Optus to compensate nbn customers over slow speeds
Optus has followed Telstra in agreeing to compensate customers who had been sold nbn plans that could not match the speeds advertised.
Optus has submitted an enforceable undertaking to offer remedies to more than 8700 customers over misleading advertising of nbn plans.
The ACCC took action against the company after finding that for a nearly two-year period until June 2017, ACMA had been offering nbn services advertising a range of speed plans that the technical limitations on customers’ FTTN and FTTB connections meant it was incapable of delivering.
The investigation found that 48% of Optus FTTN customers sold a 100 Mbps download 40 Mbps upload plan could not receive these speeds, and 21% could not even receive the next highest speed tier of 50 Mbps download 20 Mbps upload.
In addition, 26% of Optus FTTN customers on the mid 50 Mbps tier and even 3% of FTTN customers on the base 25 Mbps plan could not receive the promised speeds.
In making its undertaking, Optus admitted that it likely contravened Australian competition law with its advertising. The undertaking details remedies including refunds, moving speed plans, discounted speed plans and offering a contract exit without a break fee.
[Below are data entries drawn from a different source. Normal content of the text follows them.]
(* Let $k\ge4$ be even and let $(i,j\mid s,t)\in\mathcal{O}(\mathbb{C},k)$ with $i,j,s,t\in\{1,2,\dots,k/2\}$. Then $i<j\iff s<t$, and $i<s\iff j<t$.
   Context: $\phi=\exp(2\pi\mathrm{i}/k)$, $\mathbf{k}=\{1,\dots,k-1\}$, $\mathbf{k}_0=\{0,\dots,k-1\}$. A quadruple $(i,j\mid s,t)\in\mathbf{k}^4$ with $i\ne s$ is an overlap if $\phi^\omega(\phi^j-1)(\phi^s-1)=(\phi^i-1)(\phi^t-1)$ for some $\omega\in\mathbf{k}_0$; it is trivial if one of $i\equiv\pm j$, $j\equiv\pm t$, $t\equiv\pm s$, $s\equiv\pm i\pmod k$ holds, nontrivial otherwise. $\mathcal{O}(\mathbb{C},k)$ is the set of nontrivial overlaps. *)

From HB Require Import structures.
From mathcomp Require Import all_boot all_order all_algebra.
From mathcomp Require Import all_classical all_reals.
From mathcomp Require Import trigo.
From mathcomp Require Import complex.
Set Implicit Arguments. Unset Strict Implicit. Unset Printing Implicit Defensive.
Import Order.TTheory GRing.Theory Num.Theory.
Local Open Scope ring_scope.
Local Open Scope complex_scope.

Definition phi (R : realType) (k : nat) : R[i] :=
  (cos (2 * pi / k%:R)) +i* (sin (2 * pi / k%:R)).

Definition is_overlap (R : realType) (k i j s t : nat) : Prop :=
  [/\ (0 < i < k)%N, (0 < j < k)%N, (0 < s < k)%N, (0 < t < k)%N & i <> s] /\
  exists w : nat, (w < k)%N /\
    (phi R k) ^+ w * ((phi R k) ^+ j - 1) * ((phi R k) ^+ s - 1)
    = ((phi R k) ^+ i - 1) * ((phi R k) ^+ t - 1).

Definition cong_pm (k a b : nat) : Prop :=
  a = b %[mod k] \/ (a + b = 0 %[mod k]).

Definition trivial_quad (k i j s t : nat) : Prop :=
  cong_pm k i j \/ cong_pm k j t \/ cong_pm k t s \/ cong_pm k s i.

Definition nontrivial_overlap (R : realType) (k i j s t : nat) : Prop :=
  is_overlap R k i j s t /\ ~ trivial_quad k i j s t.

From mathcomp Require Import all_boot all_order all_algebra.
From mathcomp Require Import all_classical all_reals.
From mathcomp Require Import trigo complex.
From mathcomp Require Import ring lra.
Import Order.TTheory GRing.Theory Num.Theory.
Local Open Scope ring_scope.
Local Open Scope complex_scope.

(* Take squared moduli in the overlap equation
     phi^w (phi^j - 1)(phi^s - 1) = (phi^i - 1)(phi^t - 1).
   Since |phi| = 1 and |phi^a - 1|^2 = 2 - 2 cos (2 pi a / k) =: chord k a,
   this gives  chord j * chord s = chord i * chord t.  For 0 <= a <= k/2 the
   angle 2 pi a / k lies in [0, pi], where cos is strictly decreasing, so
   chord is strictly increasing on {0, ..., k/2} and positive on
   {1, ..., k/2}.  For positive reals, x * w = y * z forces x < y <-> z < w;
   applied to the two ways of grouping the identity this yields both
   equivalences.  (Only the modulus identity is used: the conclusion holds
   for every overlap, trivial or not.)
   The file first proves multiplicativity of the squared modulus, then the
   de Moivre computation of |e^(i a theta) - 1|^2, the monotonicity of chord,
   and finally the elementary cross-multiplication lemma. *)

Section SquaredModulus.
Variable R : realFieldType.

(* The squared modulus |z|^2 = a^2 + b^2 of z = a + i b, avoiding square roots. *)
Definition sqnorm (z : R[i]) : R := let: a +i* b := z in a ^+ 2 + b ^+ 2.

Lemma sqnormM (x y : R[i]) : sqnorm (x * y) = sqnorm x * sqnorm y.
Proof. by case: x => a b; case: y => c d /=; ring. Qed.

End SquaredModulus.
Arguments sqnorm {R} z.

Section UnitCircle.
Variable R : realType.

Definition cis (theta : R) : R[i] := cos theta +i* sin theta.

Lemma cis_expn (theta : R) (n : nat) : cis theta ^+ n = cis (n%:R * theta).
Proof.
elim: n => [|n IHn]; first by rewrite expr0 mul0r /cis cos0 sin0.
rewrite exprS IHn /cis -natr1 mulrDl mul1r cosD sinD /=.
by congr (_ +i* _); ring.
Qed.

Lemma sqnorm_cis (theta : R) : sqnorm (cis theta) = 1.
Proof. exact: cos2Dsin2. Qed.

Lemma sqnorm_cis_sub1 (theta : R) : sqnorm (cis theta - 1) = 2 - 2 * cos theta.
Proof. have := cos2Dsin2 theta; rewrite /= oppr0 addr0; nra. Qed.

(* chord k a = |phi^a - 1|^2, the squared length of the chord from 1 to phi^a. *)
Definition chord (k a : nat) : R := 2 - 2 * cos (a%:R * (2 * pi / k%:R)).

Lemma overlap_chord (k i j s t w : nat) :
  phi R k ^+ w * (phi R k ^+ j - 1) * (phi R k ^+ s - 1)
    = (phi R k ^+ i - 1) * (phi R k ^+ t - 1) ->
  chord k j * chord k s = chord k i * chord k t.
Proof.
have -> : phi R k = cis (2 * pi / k%:R) by [].
move=> /(congr1 sqnorm).
by rewrite !sqnormM !cis_expn sqnorm_cis !sqnorm_cis_sub1 mul1r.
Qed.

Lemma chord_angle_in (k a : nat) :
  (0 < k)%N -> (a.*2 <= k)%N -> a%:R * (2 * pi / k%:R) \in `[0, (pi : R)].
Proof.
move=> k_gt0 ak; have kR_gt0 : (0 : R) < k%:R by rewrite ltr0n.
have pi_ge0 : (0 : R) <= pi by exact/ltW/pi_gt0.
rewrite in_itv /=; apply/andP; split; first by rewrite mulr_ge0 // divr_ge0 ?mulr_ge0 // ltW.
have -> : a%:R * (2 * pi / k%:R) = pi * ((a.*2)%:R / k%:R) :> R.
  by rewrite -muln2 natrM; field; rewrite gt_eqF.
by rewrite ler_piMr // ler_pdivrMr // mul1r ler_nat.
Qed.

(* chord k is strictly increasing on {0, ..., k/2}, as cos is on [0, pi]. *)
Lemma chord_ltE (k a b : nat) : (0 < k)%N -> (a.*2 <= k)%N -> (b.*2 <= k)%N ->
  (chord k a < chord k b) = (a < b)%N.
Proof.
move=> k_gt0 ak bk; have step_gt0 : (0 : R) < 2 * pi / k%:R.
  by rewrite divr_gt0 ?mulr_gt0 ?pi_gt0 ?ltr0n.
by rewrite ltrD2l ltrN2 ltr_pM2l // ltr_cos ?chord_angle_in // ltr_pM2r ?ltr_nat.
Qed.

Lemma chord_gt0 (k a : nat) : (0 < k)%N -> (0 < a)%N -> (a.*2 <= k)%N ->
  0 < chord k a.
Proof.
move=> k_gt0 a_gt0 ak; have <- : chord k 0 = 0.
  by rewrite /chord mul0r cos0 mulr1 subrr.
by rewrite chord_ltE.
Qed.

End UnitCircle.

Lemma lt_cross (R : realFieldType) (x y z w : R) :
  0 < x -> 0 < y -> 0 < z -> 0 < w -> x * w = y * z -> (x < y) <-> (z < w).
Proof.
move=> x_gt0 y_gt0 z_gt0 w_gt0 e.
by split=> lt; rewrite ltNge; apply/negP => le; nra.
Qed.

Lemma double_le_even (k a : nat) : ~~ odd k -> (a <= k./2)%N -> (a.*2 <= k)%N.
Proof. by move=> ev ak; rewrite -[k in (_ <= k)%N]odd_double_half (negbTE ev) leq_double. Qed.

Theorem lemma22 (R : realType) (k i j s t : nat) :
  (4 <= k)%N -> ~~ odd k ->
  (1 <= i <= k./2)%N -> (1 <= j <= k./2)%N ->
  (1 <= s <= k./2)%N -> (1 <= t <= k./2)%N ->
  nontrivial_overlap R k i j s t ->
  ((i < j)%N <-> (s < t)%N) /\ ((i < s)%N <-> (j < t)%N).
Proof.
move=> k_ge4 ev /andP[i1 ik] /andP[j1 jk] /andP[s1 sk] /andP[t1 tk].
move=> [[_ [w [_ /overlap_chord e]]] _].
have k_gt0 : (0 < k)%N by apply: leq_trans k_ge4.
have pos a : (1 <= a)%N -> (a <= k./2)%N -> 0 < chord R k a.
  by move=> a1 ak; apply: chord_gt0 => //; apply: double_le_even.
have mono a b : (a <= k./2)%N -> (b <= k./2)%N ->
    (chord R k a < chord R k b) = (a < b)%N.
  by move=> ak bk; apply: chord_ltE => //; apply: double_le_even.
split.
- rewrite -(mono i j) // -(mono s t) //.
  by apply: lt_cross; rewrite ?pos // -e mulrC.
- rewrite -(mono i s) // -(mono j t) //.
  by apply: lt_cross; rewrite ?pos // -e mulrC.
Qed.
Like Telstra before it, Optus has also committed to check within four weeks of connecting a customer to a new nbn speed plan to check whether they are getting the advertised speeds they are paying for and to proactively contact customers and offer remedies when the connections fall short.
“Optus is the second major internet provider we have taken action against for selling broadband speeds they could not deliver to their customers,” ACCC Chairman Rod Sims said.
“Worryingly, many affected Optus FTTN customers could not even receive the maximum speed of a lower-tier plan. This is a concerning trend we have seen throughout the industry and we are working to fix this.”
In November, Telstra agreed to compensate around 42,000 customers over the same issues. At the time, the ACCC made clear that such problems are ubiquitous across the industry and that action against other providers will be forthcoming.